== PROBLEM TO SOLVE ==
Only the stretch of the listing below that runs from the line with "have [n_le_a | a_lt_n] := leqP n a." through the line with "have := turan_edge_pairs" is to be printed, exactly and with both ends.
= = = =
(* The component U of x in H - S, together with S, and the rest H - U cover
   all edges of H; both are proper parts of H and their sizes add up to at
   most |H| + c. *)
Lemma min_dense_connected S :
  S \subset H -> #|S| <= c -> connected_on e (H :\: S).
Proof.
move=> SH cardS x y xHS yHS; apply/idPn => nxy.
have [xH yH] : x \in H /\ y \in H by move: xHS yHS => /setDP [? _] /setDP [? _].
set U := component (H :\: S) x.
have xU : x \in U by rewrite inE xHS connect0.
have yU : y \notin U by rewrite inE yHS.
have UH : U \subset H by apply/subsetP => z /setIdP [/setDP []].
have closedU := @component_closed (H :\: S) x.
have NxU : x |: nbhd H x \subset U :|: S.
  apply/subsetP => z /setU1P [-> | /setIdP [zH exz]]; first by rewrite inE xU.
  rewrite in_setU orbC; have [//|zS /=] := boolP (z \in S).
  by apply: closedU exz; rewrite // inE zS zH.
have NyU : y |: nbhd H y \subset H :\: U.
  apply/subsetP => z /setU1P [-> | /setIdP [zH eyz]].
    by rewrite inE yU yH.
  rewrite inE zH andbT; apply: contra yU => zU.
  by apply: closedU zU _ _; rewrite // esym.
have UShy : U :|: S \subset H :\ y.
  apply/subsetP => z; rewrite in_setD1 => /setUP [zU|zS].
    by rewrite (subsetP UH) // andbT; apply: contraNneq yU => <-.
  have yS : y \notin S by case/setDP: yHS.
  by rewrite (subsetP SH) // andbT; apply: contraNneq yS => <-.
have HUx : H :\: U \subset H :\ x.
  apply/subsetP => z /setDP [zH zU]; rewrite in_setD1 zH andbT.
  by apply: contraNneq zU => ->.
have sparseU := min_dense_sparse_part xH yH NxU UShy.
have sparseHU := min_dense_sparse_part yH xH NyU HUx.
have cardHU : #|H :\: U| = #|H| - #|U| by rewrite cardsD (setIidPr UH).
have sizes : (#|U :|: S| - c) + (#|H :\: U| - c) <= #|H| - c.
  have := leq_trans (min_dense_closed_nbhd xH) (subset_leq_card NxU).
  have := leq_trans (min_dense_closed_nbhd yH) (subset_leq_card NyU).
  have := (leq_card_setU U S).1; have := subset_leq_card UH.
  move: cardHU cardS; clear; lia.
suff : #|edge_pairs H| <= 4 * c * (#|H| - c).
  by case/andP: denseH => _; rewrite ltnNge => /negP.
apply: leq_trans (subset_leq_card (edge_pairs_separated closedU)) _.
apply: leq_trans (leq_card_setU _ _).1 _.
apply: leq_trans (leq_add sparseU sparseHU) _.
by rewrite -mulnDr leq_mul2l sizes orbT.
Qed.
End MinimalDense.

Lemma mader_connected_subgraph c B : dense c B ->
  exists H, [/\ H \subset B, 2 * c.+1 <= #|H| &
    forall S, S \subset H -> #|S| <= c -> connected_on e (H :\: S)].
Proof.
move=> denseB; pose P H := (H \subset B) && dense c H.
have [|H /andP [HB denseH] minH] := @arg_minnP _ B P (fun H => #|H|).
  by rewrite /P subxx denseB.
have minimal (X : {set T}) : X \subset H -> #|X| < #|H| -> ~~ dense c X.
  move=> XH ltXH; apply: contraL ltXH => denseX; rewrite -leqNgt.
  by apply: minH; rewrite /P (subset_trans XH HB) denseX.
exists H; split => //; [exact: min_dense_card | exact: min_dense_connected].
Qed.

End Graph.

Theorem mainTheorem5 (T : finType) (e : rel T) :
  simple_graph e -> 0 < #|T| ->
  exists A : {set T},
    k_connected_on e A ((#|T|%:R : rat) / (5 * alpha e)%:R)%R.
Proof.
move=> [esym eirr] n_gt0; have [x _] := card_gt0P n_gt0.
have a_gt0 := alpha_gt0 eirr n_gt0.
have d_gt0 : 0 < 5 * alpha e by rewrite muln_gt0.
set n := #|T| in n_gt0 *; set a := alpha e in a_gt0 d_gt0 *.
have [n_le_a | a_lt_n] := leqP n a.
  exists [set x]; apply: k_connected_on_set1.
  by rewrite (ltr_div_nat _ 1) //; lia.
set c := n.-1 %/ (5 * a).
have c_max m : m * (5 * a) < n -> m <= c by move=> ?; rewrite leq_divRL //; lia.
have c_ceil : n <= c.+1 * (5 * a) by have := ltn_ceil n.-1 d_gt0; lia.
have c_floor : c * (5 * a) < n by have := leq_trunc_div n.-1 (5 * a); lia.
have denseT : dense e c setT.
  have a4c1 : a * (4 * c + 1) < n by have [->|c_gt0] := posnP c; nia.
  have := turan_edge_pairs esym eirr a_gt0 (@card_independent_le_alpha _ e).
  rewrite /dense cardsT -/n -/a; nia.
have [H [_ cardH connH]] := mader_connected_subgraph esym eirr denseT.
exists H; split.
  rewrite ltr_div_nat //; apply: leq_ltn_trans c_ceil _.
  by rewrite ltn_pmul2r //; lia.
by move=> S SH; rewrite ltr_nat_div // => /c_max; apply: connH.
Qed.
= = = =
== TASK SOLUTION ==
have [n_le_a | a_lt_n] := leqP n a.
  exists [set x]; apply: k_connected_on_set1.
  by rewrite (ltr_div_nat _ 1) //; lia.
set c := n.-1 %/ (5 * a).
have c_max m : m * (5 * a) < n -> m <= c by move=> ?; rewrite leq_divRL //; lia.
have c_ceil : n <= c.+1 * (5 * a) by have := ltn_ceil n.-1 d_gt0; lia.
have c_floor : c * (5 * a) < n by have := leq_trunc_div n.-1 (5 * a); lia.
have denseT : dense e c setT.
  have a4c1 : a * (4 * c + 1) < n by have [->|c_gt0] := posnP c; nia.
  have := turan_edge_pairs esym eirr a_gt0 (@card_independent_le_alpha _ e).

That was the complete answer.